Не стоило… Шельда смотрит на него и пытается понять, как это вышло.
Ее планы… смешно. Нет у нее никаких планов. Так вышло.
Не стоило забирать его домой, проще было добить. В чем же дело?
Все что угодно, но на беспомощного калеку Хёд точно не похож. Он просто пытается жить, используя все, что у него есть, что осталось, не оглядываясь на то, чего лишился. Без страха, без сожалений.
Это невероятно.
А потом, когда время обеда и Тьяден прибегает в дом, Хёд тоже, серьезно и сосредоточенно, шаг за шагом, переставляет свою табуретку ближе к столу. Отыскав на звук и на ощупь, упершись в угол стола, в край, садится, невероятно довольный собой. Совсем недвусмысленно намекая, что он пришел обедать тоже.
– Ого! Ну, ты даешь! – Тьяден радуется его успехам совершенно по-детски. – Дошел! Сам! Шельда, он смог сам! Будешь с нами обедать?!

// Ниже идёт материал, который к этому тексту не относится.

(* $\mathsf{sTC}_{\mathbb{N}^\mathbb{N}} \le_{\mathrm{W}} \mathsf{FindHS}_{\boldsymbol{\Sigma}^0_1}$ and hence $\chi_{\Pi^1_1}<_{\mathrm{W}}\mathsf{FindHS}_{\boldsymbol{\Sigma}^0_1}$.
   Context: Weihrauch reducibility: $f\le_{\mathrm{W}} g$ iff there are computable $\Phi,\Psi$ on Baire space such that for every realizer $G$ of $g$, $p\mapsto\Psi(\langle p,G\Phi(p)\rangle)$ realizes $f$; $<_{\mathrm{W}}$ is strict reducibility. The Ramsey space $[\mathbb{N}]^\mathbb{N}$ is the set of strictly increasing functions $\mathbb{N}\to\mathbb{N}$ with Baire-space topology; $fg=f\circ g$. For $P\subseteq[\mathbb{N}]^\mathbb{N}$, $f$ is homogeneous for $P$ if either $fg\in P$ for all $g\in[\mathbb{N}]^\mathbb{N}$ or $fg\notin P$ for all $g$; $\mathrm{HS}(P)$ is the set of homogeneous solutions. Open sets of $[\mathbb{N}]^\mathbb{N}$ are named by enumerations of sets of finite strictly increasing strings whose cones have union the set. $\mathsf{FindHS}_{\boldsymbol{\Sigma}^0_1}$: input an open $P$ with $\mathrm{HS}(P)\cap P\ne\emptyset$, output any element of $\mathrm{HS}(P)\cap P$. $\mathsf{sTC}_{\mathbb{N}^\mathbb{N}}$: given a name (a tree on $\mathbb{N}$) of a closed $A\subseteq\mathbb{N}^\mathbb{N}$, output $(b,x)\in\{0,1\}\times\mathbb{N}^\mathbb{N}$ with ($b=0\Rightarrow A=\emptyset$) and ($b=1\Rightarrow x\in A$). $\chi_{\Pi^1_1}:\mathbb{N}^\mathbb{N}\to\{0,1\}$ is the characteristic function of a $\Pi^1_1$-complete set (equivalently, decide whether a given tree on $\mathbb{N}$ is well-founded). *)

From mathcomp Require Import all_boot.
Set Implicit Arguments. Unset Strict Implicit. Unset Printing Implicit Defensive.

Definition Baire := nat -> nat.

Definition pairB (p q : Baire) : Baire :=
  fun n => if odd n then q n./2 else p n./2.

Definition seqcode (s : seq nat) : nat := CodeSeq.code s.

Definition initseg (x : Baire) (n : nat) : seq nat := mkseq x n.

(** * Computable (partial) functionals on Baire space:
    oracle mu-recursive functions (Kleene), the oracle being the input p. *)
Inductive rcode : Type :=
  | RZero
  | RSucc
  | RProj (i : nat)
  | ROracle
  | RComp (f : rcode) (gs : seq rcode)
  | RPrimRec (g h : rcode)
  | RMu (f : rcode).

Inductive reval (a : Baire) : rcode -> seq nat -> nat -> Prop :=
  | ev_zero args : reval a RZero args 0
  | ev_succ args : reval a RSucc args (head 0 args).+1
  | ev_proj i args : reval a (RProj i) args (nth 0 args i)
  | ev_oracle args : reval a ROracle args (a (head 0 args))
  | ev_comp f gs args vs v :
      revals a gs args vs -> reval a f vs v -> reval a (RComp f gs) args v
  | ev_rec0 g h xs v : reval a g xs v -> reval a (RPrimRec g h) (0 :: xs) v
  | ev_recS g h n xs w v :
      reval a (RPrimRec g h) (n :: xs) w ->
      reval a h (n :: w :: xs) v ->
      reval a (RPrimRec g h) (n.+1 :: xs) v
  | ev_rec_nil g h v : reval a g [::] v -> reval a (RPrimRec g h) [::] v
  | ev_mu f args n :
      reval a f (n :: args) 0 ->
      (forall m, m < n -> exists k, reval a f (m :: args) k.+1) ->
      reval a (RMu f) args n
with revals (a : Baire) : seq rcode -> seq nat -> seq nat -> Prop :=
  | evs_nil args : revals a [::] args [::]
  | evs_cons g gs args v vs :
      reval a g args v -> revals a gs args vs -> revals a (g :: gs) args (v :: vs).

Definition comp_fun (e : rcode) (p q : Baire) : Prop :=
  forall n, reval p e [:: n] (q n).

Definition problem := Baire -> Baire -> Prop.  (* f p q : q is a valid output name for input name p *)

Definition pdom (f : problem) (p : Baire) : Prop := exists q, f p q.

Definition realizes (F : Baire -> Baire) (f : problem) : Prop :=
  forall p, pdom f p -> f p (F p).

Ладно, пусть так. Возможно, это правильно.
И Хёду достается большая тарелка горячего рагу с потрохами, ломоть хлеба и два вареных яйца. Надо отдать должное, ест он как благородный лорд – без суеты, не спеша, с достоинством, даже и не скажешь, что голодный. И все же – аккуратно подбирая хлебом остатки рагу из тарелки, до капли, не оставив ничего.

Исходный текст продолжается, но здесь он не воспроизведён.